Temperature matters too. The ideal operating temperature is around 30°C (86°F). Every 10°C rise above that roughly cuts the battery’s expected lifespan in half. A battery rated for years of service in a climate-controlled warehouse may last a fraction of that time in a hot engine compartment or an unventilated shed in summer.

Ventilation and Safety

Because flooded batteries release hydrogen gas during charging, proper ventilation is not optional. Hydrogen becomes flammable at just 4% concentration by volume in air, and safety systems are designed to trigger well before that. Industrial hydrogen detectors typically flash a warning at 1% concentration and sound an alarm at 2%.

U.S. workplace safety regulations (OSHA) require that unsealed batteries be housed in enclosures with outside vents or in well-ventilated rooms. The National Fire Code specifies mechanical ventilation at a minimum rate of 1 cubic foot per minute for every square foot of floor area in a battery room. These requirements exist because you simply cannot stop a flooded battery from producing hydrogen during charging, even under ideal conditions. For smaller setups like a home solar bank or a boat, the practical takeaway is the same: never charge flooded batteries in a sealed space.

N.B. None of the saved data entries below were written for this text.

Lemma bform_schur11_herm_rep A b Aj : (forall i, Defs.hermitian (Aj i)) ->
    (forall x, real_mx x -> quad_poly A b x = det_pencil2 Aj x) ->
  forall v, real_mx v ->
  bform (schur11 A b) v v = - \sum_j dot (pencil_vecs Aj j) v ^+ 2.
Proof.
move=> HAj Hrep v Hv.
pose P := dot (\col_i Aj i 0 0) v; pose R := dot (\col_i Aj i 1 1) v.
pose K := `|dot (\col_i Aj i 0 1) v| ^+ 2.
have HK : K = dot (pencil_vecs Aj 1) v ^+ 2 + dot (pencil_vecs Aj 2) v ^+ 2.
  rewrite /K; have -> : \col_i Aj i 0 1 = pencil_vecs Aj 1 + 'i *: pencil_vecs Aj 2.
    by apply/matrixP => k l; rewrite !mxE -Crect.
  by rewrite dotDl dotZl normC2_rect // real_dot //; apply: real_pencil_vecs.
have Hv' : real_mx ((-1) *: v) by apply: real_mxZ; rewrite ?rpredN ?rpred1.
have Hodd : bform A v v + dot b v + 1 = (1 + P) * (1 + R) - K.
  exact: (etrans (Hrep v Hv) (det_pencil2_herm HAj Hv)).
have Heven : bform A v v - dot b v + 1 = (1 - P) * (1 - R) - K.
  have := etrans (Hrep _ Hv') (det_pencil2_herm HAj Hv').
  rewrite /quad_poly -/(bform A _ _) -/(dot b _) bformZl bformZr !dotZr.
  by rewrite !mulN1r opprK normrN.
rewrite bform_schur11 (elim_even_odd Hodd Heven) sum_ord3 HK.
have -> : dot (pencil_vecs Aj 0) v = 2%:R^-1 * (P - R) by rewrite /= dotZl dotDl dotNl.
by rewrite !addrA.
Qed.

Lemma schur11_herm_rep A b Aj : A^T = A -> (forall i, Defs.hermitian (Aj i)) ->
    (forall x, real_mx x -> quad_poly A b x = det_pencil2 Aj x) ->
  schur11 A b = - \sum_j pencil_vecs Aj j *m (pencil_vecs Aj j)^T.
Proof.
move=> HAs HAj Hrep; apply/eqP; rewrite -subr_eq0 opprK; apply/eqP.
apply: sym_bform_eq0 => [|v Hv].
  rewrite linearD linear_sum /= schur11_sym //; congr (_ + _).
  by apply: eq_bigr => j _; rewrite trmx_mul trmxK.
rewrite bform_add bform_sum (bform_schur11_herm_rep HAj Hrep) // addrC -sumrB.
by rewrite big1 // => j _; rewrite bform_outer expr2 subrr.
Qed.

Definition herm_mx2 (a d z : C) : 'M[C]_2 :=
  \matrix_(k, l) if k == 0 then (if l == 0 then a else z) else (if l == 0 then z^* else d).

Lemma herm_mx2_hermitian a d z :
  a \is Num.real -> d \is Num.real -> Defs.hermitian (herm_mx2 a d z).
Proof.
move=> Har Hdr k l; rewrite !mxE.
by case: k => [[|[|k]] Hk] //; case: l => [[|[|l]] Hl] //=; rewrite ?conjCK ?conj_Creal.
Qed.

Lemma herm_mx2_real_symmetric a d z :
  a \is Num.real -> d \is Num.real -> z \is Num.real -> real_symmetric (herm_mx2 a d z).
Proof.
move=> Har Hdr Hzr; split=> [k l|]; last apply/matrixP => k l; rewrite !mxE;
  by case: k => [[|[|k]] Hk] //; case: l => [[|[|l]] Hl] //=; rewrite conj_Creal.
Qed.

Definition rep_pencil b w0 w1 w2 : 'I_n -> 'M[C]_2 := fun i =>
  herm_mx2 (b i 0 / 2%:R + w0 i 0) (b i 0 / 2%:R - w0 i 0) (w1 i 0 + 'i * w2 i 0).

Section RepPencil.
Variables (b w0 w1 w2 : 'cV[C]_n).
Hypotheses (Hbr : real_mx b) (Hw0 : real_mx w0) (Hw1 : real_mx w1) (Hw2 : real_mx w2).

Lemma rep_pencil_hermitian i : Defs.hermitian (rep_pencil b w0 w1 w2 i).
Proof.
by apply: herm_mx2_hermitian;
  rewrite ?(rpredD, rpredB, rpredN, rpredM, rpredV, rpred1, rpred_nat, Hbr, Hw0).
Qed.

Lemma det_pencil2_rep_pencil A x :
    schur11 A b = - (w0 *m w0^T + w1 *m w1^T + w2 *m w2^T) -> real_mx x ->
  quad_poly A b x = det_pencil2 (rep_pencil b w0 w1 w2) x.
Proof.
move=> HS Hx.
rewrite det_pencil2_herm //; last exact: rep_pencil_hermitian.
have -> : \col_i rep_pencil b w0 w1 w2 i 0 0 = 2%:R^-1 *: b + w0.
  by apply/matrixP => k l; rewrite !mxE ord1 mulrC.
have -> : \col_i rep_pencil b w0 w1 w2 i 1 1 = 2%:R^-1 *: b - w0.
  by apply/matrixP => k l; rewrite !mxE ord1 mulrC.
have -> : \col_i rep_pencil b w0 w1 w2 i 0 1 = w1 + 'i *: w2.
  by apply/matrixP => k l; rewrite !mxE ord1.
rewrite quad_polyE HS bform_opp !bform_add !bform_outer.
by rewrite !dotDl dotNl !dotZl normC2_rect ?real_dot //; field.
Qed.

End RepPencil.

Lemma rep_pencil_real_symmetric b w0 w1 i : real_mx b -> real_mx w0 -> real_mx w1 ->
  real_symmetric (rep_pencil b w0 w1 0 i).
Proof.
move=> Hbr Hw0 Hw1; rewrite /rep_pencil mxE mulr0 addr0.
by apply: herm_mx2_real_symmetric;
  rewrite ?(rpredD, rpredB, rpredN, rpredM, rpredV, rpred1, rpred_nat, Hbr, Hw0, Hw1).
Qed.

End DeterminantalRepresentations.

Section RepresentationCriteria.
Variables (C : numClosedFieldType) (n : nat) (A : 'M[C]_n) (b : 'cV[C]_n).
Hypotheses (HAs : A^T = A) (Hbr : real_mx b).

Lemma herm_rep2P : has_herm_rep2 A b <->
  exists w : 'I_3 -> 'cV[C]_n, (forall j, real_mx (w j)) /\
    schur11 A b = - \sum_j w j *m (w j)^T.
Proof.
split=> [[Aj [HAj Hrep]] | [w [Hw HS]]].
  exists (pencil_vecs Aj); split=> [j|]; first exact: real_pencil_vecs.
  exact: schur11_herm_rep.
rewrite sum_ord3 in HS.
exists (rep_pencil b (w 0) (w 1) (w 2)); split=> [i|x Hx].
  exact: rep_pencil_hermitian.
exact: det_pencil2_rep_pencil.
Qed.

Lemma sym_rep2P : has_sym_rep2 A b <->
  exists w : 'I_2 -> 'cV[C]_n, (forall j, real_mx (w j)) /\
    schur11 A b = - \sum_j w j *m (w j)^T.
Proof.
split=> [[Aj [HAj Hrep]] | [w [Hw HS]]].
  have HAjh i : Defs.hermitian (Aj i).
    by move=> k l; have [HAjr HAjs] := HAj i; rewrite conj_Creal // -{1}HAjs mxE.
  have Hw2 : pencil_vecs Aj 2 = 0.
    by apply/matrixP => k l; rewrite !mxE; apply/Creal_ImP; apply: (HAj k).1.
  exists (fun j => pencil_vecs Aj (widen_ord (leqnSn 2) j)); split=> [j|].
    exact: real_pencil_vecs.
  by rewrite sum_ord2 (schur11_herm_rep HAs HAjh Hrep) sum_ord3 Hw2 mul0mx addr0.
have HS3 : schur11 A b = - (w 0 *m (w 0)^T + w 1 *m (w 1)^T + (0 : 'cV_n) *m 0^T).
  by rewrite mul0mx addr0 HS sum_ord2.
exists (rep_pencil b (w 0) (w 1) 0); split=> [i|x Hx].
  exact: rep_pencil_real_symmetric.
by apply: det_pencil2_rep_pencil => //; apply: real_mx0.
Qed.

End RepresentationCriteria.

Theorem mainTheorem2 (C : numClosedFieldType) (n : nat)
    (A : 'M[C]_n) (b : 'cV[C]_n)
    (hAr : real_mx A) (hAs : A^T = A) (hbr : real_mx b) :
  (has_herm_rep2 A b <->
     neg_semidef (schur11 A b) /\ (\rank (schur11 A b) <= 3)%N) /\
  (has_sym_rep2 A b <->
     neg_semidef (schur11 A b) /\ (\rank (schur11 A b) <= 2)%N) /\
  (neg_semidef (schur11 A b) -> \rank (schur11 A b) = 3%N ->
     has_herm_rep2 A b /\ ~ has_sym_rep2 A b).
Proof.
have HSr := real_schur11 hAr hbr.
have HSs := schur11_sym b hAs.
have herm_iff := iff_trans (herm_rep2P hAs hbr) (iff_sym (neg_semidef_rank_leP 3 HSr HSs)).
have sym_iff := iff_trans (sym_rep2P hAs hbr) (iff_sym (neg_semidef_rank_leP 2 HSr HSs)).
split=> //; split=> // HSn Hrk.
split; first by apply/herm_iff; rewrite Hrk.
by move/sym_iff => [_]; rewrite Hrk.
Qed.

Flooded vs. Sealed Batteries

The main alternative to flooded batteries is the sealed type, which includes AGM (absorbed glass mat) and gel designs. In these batteries, the electrolyte is immobilized so it can’t spill, and gases produced during charging are recombined internally rather than vented. That means no watering, no hydrometer checks, and far less concern about ventilation.

So why do flooded batteries still exist? Cost is the biggest reason. Flooded batteries are significantly cheaper upfront than AGM equivalents of the same capacity. They also tolerate overcharging somewhat better, since the water loss from overcharging can simply be topped off, while overcharging a sealed battery causes permanent, irreversible damage. For applications where someone is already performing regular maintenance (like a warehouse forklift fleet or a dedicated off-grid system), the lower purchase price makes flooded batteries the more economical choice over time.

Sealed batteries win on convenience, installation flexibility (they can be mounted in any orientation), and suitability for spaces where maintenance access is limited or ventilation is difficult. If you want to install a battery and forget about it for years, sealed is the better fit. If you’re willing to do the upkeep, flooded batteries deliver reliable performance at a lower price.

Recycling and Environmental Impact

Lead-acid batteries, including the flooded type, are one of the most recycled products on Earth. The global recycling rate sits at approximately 99%, far higher than lithium-ion batteries or most consumer electronics. Nearly every component, including the lead plates, the plastic casing, and the sulfuric acid, can be reclaimed and used to manufacture new batteries. This high recyclability is one reason lead-acid technology remains viable despite the rise of newer chemistries: the environmental footprint shrinks considerably when nearly all the material re-enters the supply chain.